(* Let $\mathbb{K}$ be a field and let $\mathcal F=(f_1,\dots,f_t)$, $t\ge2$, be polynomials in $\mathbb{K}[x,y]$ of $y$-degree at most $d_y$ generating an ideal $I$ of dimension zero. Write $f_i=\sum_{j=0}^{d_y} f_{i,j}y^j$ with $f_{i,j}\in\mathbb{K}[x]$. Let $D\ge\Delta(\mathcal F)$ be an integer, and let $\mathbf S=[\mathbf S_1\cdots\mathbf S_t]\in\mathbb{K}[x]^{(d_y+D)\times tD}$, where $\mathbf S_i\in\mathbb{K}[x]^{(d_y+D)\times D}$ is the matrix whose $\ell$-th column ($\ell=1,\dots,D$) has the entries $f_{i,d_y},f_{i,d_y-1},\dots,f_{i,0}$ in rows $\ell,\ell+1,\dots,\ell+d_y$ and zeros elsewhere (equivalently, the $\ell$-th column is $\pi_{d_y+D}(y^{D-\ell}f_i)$). Let $c_1,\dots,c_K$ be the nonzero columns of the Hermite normal form $\mathbf H$ of $\mathbf S$. Then there exists $K'\le K$ such that $\pi_{d_y+D}^{-1}(c_{K'})$ is monic in $y$ (i.e., its coefficient of highest power of $y$ is $1$); and, with $K'$ the largest such integer, $\pi_{d_y+D}^{-1}(c_K),\pi_{d_y+D}^{-1}(c_{K-1}),\dots,\pi_{d_y+D}^{-1}(c_{K'})$ is the detaching basis of $I$ in degree $n_0$ (namely $\pi_{d_y+D}^{-1}(c_{K-i})=A_i$ for $i=0,\dots,n_0$).
   Context: Let $\mathbb{K}$ be a field. For an ideal $I\subseteq\mathbb{K}[x,y]$, let $\mathcal G=(g_0,\dots,g_s)$ be its reduced minimal Gröbner basis for the lexicographic order with $x\prec y$, listed in decreasing order, and $n_i=\deg_y(g_i)$ (so $n_0>\cdots>n_s$). Define $A_0,A_1,\dots$ recursively: for $0\le i<n_s$, $A_i=0$; if $n_k=i$ for some $k$, $A_i=g_k$; otherwise $A_i$ is obtained from $yA_{i-1}$ by replacing its part of $y$-degree $<i$ by the normal form of that part modulo $\mathcal G$. For $n\ge n_0$, the detaching basis of $I$ in degree $n$ is $(A_{n_s},\dots,A_n)$. For $\mathcal F=(f_1,\dots,f_t)$ generating $I$, $\Delta(\mathcal F)$ is the minimal integer $\Delta$ such that for each $i=n_s,\dots,n_0$ there exist $w_{i,1},\dots,w_{i,t}\in\mathbb{K}[x,y]$, all of $y$-degree less than $\Delta$, with $A_i=\sum_{j=1}^t w_{i,j}f_j$. For $n\ge1$, $\pi_n$ is the $\mathbb{K}[x]$-module isomorphism from $\{f\in\mathbb{K}[x,y]:\deg_y f<n\}$ to $\mathbb{K}[x]^n$ sending $f_0+f_1y+\cdots+f_{n-1}y^{n-1}$ to $[f_{n-1},\dots,f_1,f_0]^\top$. Hermite normal forms are with respect to column operations: the Hermite normal form of $\mathbf S\in\mathbb{K}[x]^{n\times m}$ is the unique matrix $\mathbf H=\mathbf S\mathbf U$, with $\mathbf U\in\mathbb{K}[x]^{m\times m}$ unimodular, such that its nonzero columns are the first ones, it is in lower echelon form (the index of the first nonzero entry, the pivot, of each nonzero column strictly increases with the column index), every pivot is monic in $x$, and in the row of each pivot all entries in earlier columns have $x$-degree less than that pivot. *)

(* Bivariate polynomials K[x,y] are {poly {poly K}}:
   the outer variable is y, the inner one is x.  p`_b is the coefficient of
   y^b (an element of K[x]), and (p`_b)`_a is the coefficient of x^a y^b. *)
From HB Require Import structures.
From mathcomp Require Import all_boot all_order all_algebra.
Set Implicit Arguments. Unset Strict Implicit. Unset Printing Implicit Defensive.
Import Order.TTheory GRing.Theory Num.Theory.
Local Open Scope ring_scope.

Section Defs.
Variable K : fieldType.
Local Notation P2 := {poly {poly K}}.

Definition in_ideal (F : seq P2) (p : P2) : Prop :=
  exists w : 'I_(size F) -> P2, p = \sum_(j < size F) w j * F`_j.

Definition coef2 (p : P2) (a b : nat) : K := (p`_b)`_a.

(* y-degree, and the leading monomial (a,b) ~ x^a y^b for lex order x < y *)
Definition ydeg (p : P2) : nat := (size p).-1.
Definition lm (p : P2) : nat * nat := ((size (lead_coef p)).-1, ydeg p).
Definition lc2 (p : P2) : K := lead_coef (lead_coef p).

Definition mdiv (m1 m2 : nat * nat) : bool := (m1.1 <= m2.1)%N && (m1.2 <= m2.2)%N.
Definition mlt (m1 m2 : nat * nat) : bool :=
  (m1.2 < m2.2)%N || ((m1.2 == m2.2) && (m1.1 < m2.1)%N).

Definition groebner (F G : seq P2) : Prop :=
  (forall g, g \in G -> in_ideal F g) /\
  (forall p, in_ideal F p -> p != 0 ->
     exists2 g, g \in G & (g != 0) && mdiv (lm g) (lm p)).

Definition reduced (G : seq P2) : Prop :=
  forall i, (i < size G)%N ->
    [/\ G`_i != 0, lc2 G`_i = 1 &
      forall j, (j < size G)%N -> j != i ->
        forall a b, coef2 G`_i a b != 0 -> ~~ mdiv (lm G`_j) (a, b)].

Definition is_rGB (F G : seq P2) : Prop :=
  [/\ groebner F G, reduced G & sorted (fun g h => mlt (lm h) (lm g)) G].

Definition n0 (G : seq P2) : nat := ydeg (head 0 G).
Definition ns (G : seq P2) : nat := ydeg (last 0 G).

Definition is_NF (F G : seq P2) (q r : P2) : Prop :=
  in_ideal F (q - r) /\
  forall a b, coef2 r a b != 0 -> forall g, g \in G -> ~~ mdiv (lm g) (a, b).

Definition is_Aseq (F G : seq P2) (A : nat -> P2) : Prop :=
  forall i,
    [/\ (i < ns G)%N -> A i = 0,
        (forall k, (k < size G)%N -> ydeg G`_k = i -> A i = G`_k) &
        ((ns G <= i)%N -> (forall k, (k < size G)%N -> ydeg G`_k != i) ->
          exists r, is_NF F G (take_poly i ('X * A i.-1)) r /\
            A i = 'X * A i.-1 - take_poly i ('X * A i.-1) + r)].

Definition detaching_basis (G : seq P2) (A : nat -> P2) (n : nat) : seq P2 :=
  [seq A i | i <- iota (ns G) (n - ns G).+1].

Definition Delta_ok (F G : seq P2) (A : nat -> P2) (Delta : nat) : Prop :=
  forall i, (ns G <= i <= n0 G)%N ->
    exists w : 'I_(size F) -> P2,
      (forall j, (size (w j) <= Delta)%N) /\ A i = \sum_(j < size F) w j * F`_j.
Definition is_Delta (F G : seq P2) (A : nat -> P2) (Delta : nat) : Prop :=
  Delta_ok F G A Delta /\ forall D', Delta_ok F G A D' -> (Delta <= D')%N.

(* <F> has dimension zero: proper, and K[x,y]/<F> finite-dimensional over K *)
Definition zero_dim (F : seq P2) : Prop :=
  ~ in_ideal F 1 /\
  exists B : seq P2, forall p : P2, exists c : 'I_(size B) -> K,
    in_ideal F (p - \sum_(j < size B) (c j)%:P%:P * B`_j).

Definition pi (n : nat) (f : P2) : 'cV[{poly K}]_n := \col_(r < n) f`_(n.-1 - r).
Definition piinv (n : nat) (c : 'cV[{poly K}]_n) : P2 :=
  \sum_(r < n) (c r 0)%:P * 'X^(n.-1 - r).

(* the matrix S = [S_1 ... S_t]; column c = i*D + l (0-based) is
   pi_{dy+D}(y^(D-1-l) f_i) *)
Definition Smat (F : seq P2) (dy D : nat) : 'M[{poly K}]_(dy + D, size F * D) :=
  \matrix_(r, c) (pi (dy + D) ('X^(D.-1 - (c %% D)) * F`_(c %/ D))) r 0.

Definition is_HNF (m n : nat) (H : 'M[{poly K}]_(m, n)) (Kc : nat) : Prop :=
  (Kc <= n)%N /\
  (forall j : 'I_n, (Kc <= j)%N -> col j H = 0) /\
  exists piv : 'I_n -> 'I_m,
    (forall j : 'I_n, (j < Kc)%N ->
       [/\ H (piv j) j \is monic,
           (forall r : 'I_m, (r < piv j)%N -> H r j = 0) &
           (forall j' : 'I_n, (j' < j)%N -> (size (H (piv j) j') < size (H (piv j) j))%N)]) /\
    (forall j1 j2 : 'I_n, (j1 < j2)%N -> (j2 < Kc)%N -> (piv j1 < piv j2)%N).

(* pi^{-1} of the column of index j (0-based), 0 if out of range *)
Definition colpoly (m n : nat) (H : 'M[{poly K}]_(m, n)) (j : nat) : P2 :=
  if (insub j : option 'I_n) is Some c then piinv (col c H) else 0.

End Defs.

(* The columns of [Smat F dy D] are the pi-images of the products y^e f_j with
   e < D, so the columns of H = S U span exactly the pi-images of the
   combinations sum_j w_j f_j with deg_y w_j < D.  All of these lie in I, and
   since D >= Delta(F) every A_i with i <= n_0 is one of them.  As A_i has
   y-degree i, lower echelon form forces a pivot in row m-1-i whose entry
   divides lc_y(A_i); these rows being hit for i = 0..n_0, they are the pivot
   rows of the last n_0+1 nonzero columns.  The polynomial B_i of column K-i is
   in I with y-degree i, so lc_y(A_i) divides lc_y(B_i) by the Groebner
   property; both are monic, hence equal.  Then B_i - A_i lies in I with some
   y-degree k < i, and its leading coefficient has smaller x-degree than
   lc_y(A_k) (Hermite reduction on the B side, reducedness on the A side),
   contradicting the minimality of lc_y(A_k); so B_i = A_i.  Finally
   zero-dimensionality makes lc_y(g_0) = 1, so A_{n_0} = g_0 is monic while for
   i < n_0 the leading coefficient of A_i is that of some g_k, k > 0, which is
   not constant. *)

From Pilot Require Import Defs.
From HB Require Import structures.
From mathcomp Require Import all_boot all_order all_algebra.
From mathcomp Require Import zify.
Import Order.TTheory GRing.Theory Num.Theory.
Local Open Scope ring_scope.
Set Implicit Arguments. Unset Strict Implicit. Unset Printing Implicit Defensive.

Section Ideal.
Variables (K : fieldType) (F : seq {poly {poly K}}).

Lemma in_ideal0 : in_ideal F 0.
Proof. by exists (fun _ => 0); rewrite big1 // => j _; rewrite mul0r. Qed.

Lemma in_idealD p q : in_ideal F p -> in_ideal F q -> in_ideal F (p + q).
Proof.
move=> [w ->] [w' ->]; exists (fun j => w j + w' j).
by rewrite -big_split; apply: eq_bigr => j _; rewrite mulrDl.
Qed.

Lemma in_idealMl c p : in_ideal F p -> in_ideal F (c * p).
Proof.
move=> [w ->]; exists (fun j => c * w j).
by rewrite mulr_sumr; apply: eq_bigr => j _; rewrite mulrA.
Qed.

Lemma in_idealB p q : in_ideal F p -> in_ideal F q -> in_ideal F (p - q).
Proof. by move=> hp hq; rewrite -mulN1r; apply/in_idealD/in_idealMl. Qed.

Lemma in_ideal_sum (I : finType) (f : I -> {poly {poly K}}) :
  (forall i, in_ideal F (f i)) -> in_ideal F (\sum_i f i).
Proof. by move=> hf; apply: big_ind => //; [exact: in_ideal0 | exact: in_idealD]. Qed.

Lemma in_ideal_nth j : (j < size F)%N -> in_ideal F F`_j.
Proof.
move=> hj; exists (fun k : 'I_(size F) => (val k == j)%:R).
rewrite (bigD1 (Ordinal hj)) //= eqxx mul1r big1 ?addr0 // => k hk.
by rewrite -(inj_eq val_inj) /= in hk; rewrite (negPf hk) mul0r.
Qed.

··········

■ BRIEF:
Within the material above, copy exactly the lines from the line that holds "Definition is_Delta (F" up to and including the line that holds "Definition piinv (n".

■ ANSWER SPACE:
Definition is_Delta (F G : seq P2) (A : nat -> P2) (Delta : nat) : Prop :=
  Delta_ok F G A Delta /\ forall D', Delta_ok F G A D' -> (Delta <= D')%N.

(* <F> has dimension zero: proper, and K[x,y]/<F> finite-dimensional over K *)
Definition zero_dim (F : seq P2) : Prop :=
  ~ in_ideal F 1 /\
  exists B : seq P2, forall p : P2, exists c : 'I_(size B) -> K,
    in_ideal F (p - \sum_(j < size B) (c j)%:P%:P * B`_j).

Definition pi (n : nat) (f : P2) : 'cV[{poly K}]_n := \col_(r < n) f`_(n.-1 - r).
Definition piinv (n : nat) (c : 'cV[{poly K}]_n) : P2 :=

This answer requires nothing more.